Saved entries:
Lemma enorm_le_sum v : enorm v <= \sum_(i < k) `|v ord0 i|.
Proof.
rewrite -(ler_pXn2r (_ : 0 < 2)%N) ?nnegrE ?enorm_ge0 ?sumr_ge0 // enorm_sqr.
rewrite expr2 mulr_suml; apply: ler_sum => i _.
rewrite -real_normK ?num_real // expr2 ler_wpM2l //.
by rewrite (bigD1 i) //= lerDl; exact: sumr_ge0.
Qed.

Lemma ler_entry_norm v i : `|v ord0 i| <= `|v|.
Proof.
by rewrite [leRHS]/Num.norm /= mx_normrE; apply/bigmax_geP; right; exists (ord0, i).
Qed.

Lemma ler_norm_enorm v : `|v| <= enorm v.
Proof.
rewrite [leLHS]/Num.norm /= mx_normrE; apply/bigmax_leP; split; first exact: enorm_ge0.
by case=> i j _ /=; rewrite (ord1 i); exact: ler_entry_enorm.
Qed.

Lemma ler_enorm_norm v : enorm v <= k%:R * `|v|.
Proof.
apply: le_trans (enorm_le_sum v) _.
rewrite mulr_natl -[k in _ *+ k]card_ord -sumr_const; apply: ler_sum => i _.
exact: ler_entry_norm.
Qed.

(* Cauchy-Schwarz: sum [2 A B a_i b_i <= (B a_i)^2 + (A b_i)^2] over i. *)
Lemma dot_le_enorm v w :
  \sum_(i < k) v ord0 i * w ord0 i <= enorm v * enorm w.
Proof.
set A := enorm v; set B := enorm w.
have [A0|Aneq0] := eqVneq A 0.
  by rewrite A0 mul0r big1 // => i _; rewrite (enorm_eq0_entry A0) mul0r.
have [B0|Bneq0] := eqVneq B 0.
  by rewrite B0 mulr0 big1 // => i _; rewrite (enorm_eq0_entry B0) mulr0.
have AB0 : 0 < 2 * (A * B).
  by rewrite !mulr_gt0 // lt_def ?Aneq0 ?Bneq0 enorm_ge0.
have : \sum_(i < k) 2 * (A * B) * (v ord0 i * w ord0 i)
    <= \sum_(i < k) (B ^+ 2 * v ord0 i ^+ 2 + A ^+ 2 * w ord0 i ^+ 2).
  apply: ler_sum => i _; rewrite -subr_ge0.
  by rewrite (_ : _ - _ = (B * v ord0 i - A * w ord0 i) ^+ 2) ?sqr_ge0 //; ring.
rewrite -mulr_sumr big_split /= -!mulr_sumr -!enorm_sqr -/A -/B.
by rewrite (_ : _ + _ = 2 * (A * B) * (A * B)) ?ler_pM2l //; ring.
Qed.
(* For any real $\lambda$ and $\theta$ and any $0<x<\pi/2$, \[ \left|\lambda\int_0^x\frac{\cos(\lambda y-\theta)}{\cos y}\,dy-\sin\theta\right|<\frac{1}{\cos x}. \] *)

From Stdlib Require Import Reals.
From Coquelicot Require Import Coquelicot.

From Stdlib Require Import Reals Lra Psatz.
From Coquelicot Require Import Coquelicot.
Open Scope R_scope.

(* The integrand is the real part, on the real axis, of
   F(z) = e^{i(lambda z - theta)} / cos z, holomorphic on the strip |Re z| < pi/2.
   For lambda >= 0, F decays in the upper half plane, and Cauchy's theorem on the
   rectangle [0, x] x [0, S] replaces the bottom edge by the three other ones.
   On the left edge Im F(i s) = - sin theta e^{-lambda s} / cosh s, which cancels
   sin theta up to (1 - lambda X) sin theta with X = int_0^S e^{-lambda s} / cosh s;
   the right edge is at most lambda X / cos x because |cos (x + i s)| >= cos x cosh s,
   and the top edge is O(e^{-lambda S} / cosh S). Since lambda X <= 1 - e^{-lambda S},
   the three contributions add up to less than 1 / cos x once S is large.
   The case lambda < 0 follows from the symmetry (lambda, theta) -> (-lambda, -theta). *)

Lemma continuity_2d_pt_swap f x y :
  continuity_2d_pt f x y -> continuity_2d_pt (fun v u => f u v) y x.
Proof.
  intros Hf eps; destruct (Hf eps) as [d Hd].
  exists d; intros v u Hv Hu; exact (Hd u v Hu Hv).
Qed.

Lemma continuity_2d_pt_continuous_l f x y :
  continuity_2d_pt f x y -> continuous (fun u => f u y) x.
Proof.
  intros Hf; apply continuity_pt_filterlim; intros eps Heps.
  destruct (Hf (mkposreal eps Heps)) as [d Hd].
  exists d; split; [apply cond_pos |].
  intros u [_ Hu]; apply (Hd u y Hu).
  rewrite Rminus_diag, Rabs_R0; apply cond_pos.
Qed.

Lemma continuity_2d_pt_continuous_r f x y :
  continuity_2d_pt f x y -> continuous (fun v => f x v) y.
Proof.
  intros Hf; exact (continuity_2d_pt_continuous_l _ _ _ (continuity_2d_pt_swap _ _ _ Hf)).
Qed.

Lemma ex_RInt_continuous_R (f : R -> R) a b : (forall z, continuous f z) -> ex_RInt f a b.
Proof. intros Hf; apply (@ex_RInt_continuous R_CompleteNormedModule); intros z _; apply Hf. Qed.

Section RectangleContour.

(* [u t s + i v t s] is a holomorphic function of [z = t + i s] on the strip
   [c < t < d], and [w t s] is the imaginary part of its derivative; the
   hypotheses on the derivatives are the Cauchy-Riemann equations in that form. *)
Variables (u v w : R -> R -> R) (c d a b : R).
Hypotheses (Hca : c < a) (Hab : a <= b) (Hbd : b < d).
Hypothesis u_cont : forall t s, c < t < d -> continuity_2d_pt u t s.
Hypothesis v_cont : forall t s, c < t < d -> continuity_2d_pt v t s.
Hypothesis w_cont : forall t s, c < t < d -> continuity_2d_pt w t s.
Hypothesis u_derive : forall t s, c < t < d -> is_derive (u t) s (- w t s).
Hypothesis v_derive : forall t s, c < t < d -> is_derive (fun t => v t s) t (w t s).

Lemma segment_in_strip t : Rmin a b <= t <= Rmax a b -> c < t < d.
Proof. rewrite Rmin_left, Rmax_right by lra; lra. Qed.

==

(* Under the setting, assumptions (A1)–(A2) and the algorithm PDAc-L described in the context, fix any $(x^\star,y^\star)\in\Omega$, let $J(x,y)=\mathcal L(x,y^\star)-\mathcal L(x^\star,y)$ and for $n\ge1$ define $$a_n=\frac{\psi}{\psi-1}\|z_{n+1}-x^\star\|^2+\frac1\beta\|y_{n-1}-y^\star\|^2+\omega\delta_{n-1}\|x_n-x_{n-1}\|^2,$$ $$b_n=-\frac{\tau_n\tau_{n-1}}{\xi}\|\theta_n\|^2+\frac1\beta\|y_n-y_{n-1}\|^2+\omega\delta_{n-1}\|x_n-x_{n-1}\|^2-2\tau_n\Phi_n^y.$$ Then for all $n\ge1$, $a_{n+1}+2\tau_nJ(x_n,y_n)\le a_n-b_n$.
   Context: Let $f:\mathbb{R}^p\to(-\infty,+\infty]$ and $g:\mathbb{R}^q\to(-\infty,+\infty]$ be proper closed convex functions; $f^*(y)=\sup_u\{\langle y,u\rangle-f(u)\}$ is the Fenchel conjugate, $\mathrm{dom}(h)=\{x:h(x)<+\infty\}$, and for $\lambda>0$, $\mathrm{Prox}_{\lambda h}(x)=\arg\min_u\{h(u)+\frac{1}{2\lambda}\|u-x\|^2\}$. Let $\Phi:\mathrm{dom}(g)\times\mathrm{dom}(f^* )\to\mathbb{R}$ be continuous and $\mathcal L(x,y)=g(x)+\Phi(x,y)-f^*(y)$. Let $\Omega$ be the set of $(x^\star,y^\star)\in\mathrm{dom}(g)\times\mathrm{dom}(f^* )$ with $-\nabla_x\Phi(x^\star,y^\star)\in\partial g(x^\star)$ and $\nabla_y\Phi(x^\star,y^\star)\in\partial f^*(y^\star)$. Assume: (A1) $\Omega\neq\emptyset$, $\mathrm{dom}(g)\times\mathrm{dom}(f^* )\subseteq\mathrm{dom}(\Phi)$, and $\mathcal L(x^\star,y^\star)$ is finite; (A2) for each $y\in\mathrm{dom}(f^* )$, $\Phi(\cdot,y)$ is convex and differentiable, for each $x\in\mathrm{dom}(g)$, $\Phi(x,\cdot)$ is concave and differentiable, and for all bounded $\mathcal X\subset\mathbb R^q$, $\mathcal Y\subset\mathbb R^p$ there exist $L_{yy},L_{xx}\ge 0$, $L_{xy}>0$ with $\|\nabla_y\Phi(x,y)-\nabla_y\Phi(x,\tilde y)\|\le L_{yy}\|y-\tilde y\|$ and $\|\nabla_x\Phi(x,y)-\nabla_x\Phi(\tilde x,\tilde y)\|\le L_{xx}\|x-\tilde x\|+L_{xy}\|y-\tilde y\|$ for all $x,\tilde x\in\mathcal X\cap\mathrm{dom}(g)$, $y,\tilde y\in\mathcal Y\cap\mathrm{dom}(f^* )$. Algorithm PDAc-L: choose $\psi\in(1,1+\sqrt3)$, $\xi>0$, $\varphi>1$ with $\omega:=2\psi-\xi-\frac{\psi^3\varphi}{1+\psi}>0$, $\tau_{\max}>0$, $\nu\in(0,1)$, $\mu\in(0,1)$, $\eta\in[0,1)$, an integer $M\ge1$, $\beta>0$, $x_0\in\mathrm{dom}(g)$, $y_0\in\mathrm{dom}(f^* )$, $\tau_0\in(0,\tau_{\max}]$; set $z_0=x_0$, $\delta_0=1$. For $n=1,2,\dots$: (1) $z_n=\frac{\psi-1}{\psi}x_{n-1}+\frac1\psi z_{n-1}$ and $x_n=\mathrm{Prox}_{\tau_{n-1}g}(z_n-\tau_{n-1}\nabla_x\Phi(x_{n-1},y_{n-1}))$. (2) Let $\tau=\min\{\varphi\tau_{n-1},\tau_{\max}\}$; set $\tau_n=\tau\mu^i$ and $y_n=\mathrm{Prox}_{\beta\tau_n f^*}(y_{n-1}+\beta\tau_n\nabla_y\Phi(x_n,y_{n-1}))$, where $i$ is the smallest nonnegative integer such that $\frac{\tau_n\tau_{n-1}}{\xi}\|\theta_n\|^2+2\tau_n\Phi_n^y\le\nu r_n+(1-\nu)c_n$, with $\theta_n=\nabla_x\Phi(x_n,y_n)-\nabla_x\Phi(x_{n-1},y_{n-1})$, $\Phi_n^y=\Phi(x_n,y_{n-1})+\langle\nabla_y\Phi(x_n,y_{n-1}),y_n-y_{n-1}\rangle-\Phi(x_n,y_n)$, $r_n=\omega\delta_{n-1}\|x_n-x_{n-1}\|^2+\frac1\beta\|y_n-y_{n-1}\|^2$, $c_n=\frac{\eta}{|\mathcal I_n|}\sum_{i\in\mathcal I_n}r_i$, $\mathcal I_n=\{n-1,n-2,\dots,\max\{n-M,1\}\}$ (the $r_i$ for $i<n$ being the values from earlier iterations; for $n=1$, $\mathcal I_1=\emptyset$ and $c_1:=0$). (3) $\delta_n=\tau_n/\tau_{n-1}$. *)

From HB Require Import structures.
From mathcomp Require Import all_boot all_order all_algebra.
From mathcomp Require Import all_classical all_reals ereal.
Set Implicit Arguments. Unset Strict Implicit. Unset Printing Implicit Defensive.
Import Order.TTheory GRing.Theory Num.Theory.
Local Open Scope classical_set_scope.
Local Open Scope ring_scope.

TASK OBJECTIVE:
Where a line above contains the word "intros", copy that line.

SOLVED EXERCISE:
  intros Hf eps; destruct (Hf eps) as [d Hd].
  exists d; intros v u Hv Hu; exact (Hd u v Hu Hv).
  intros Hf; apply continuity_pt_filterlim; intros eps Heps.
  intros u [_ Hu]; apply (Hd u y Hu).
  intros Hf; exact (continuity_2d_pt_continuous_l _ _ _ (continuity_2d_pt_swap _ _ _ Hf)).
Proof. intros Hf; apply (@ex_RInt_continuous R_CompleteNormedModule); intros z _; apply Hf. Qed.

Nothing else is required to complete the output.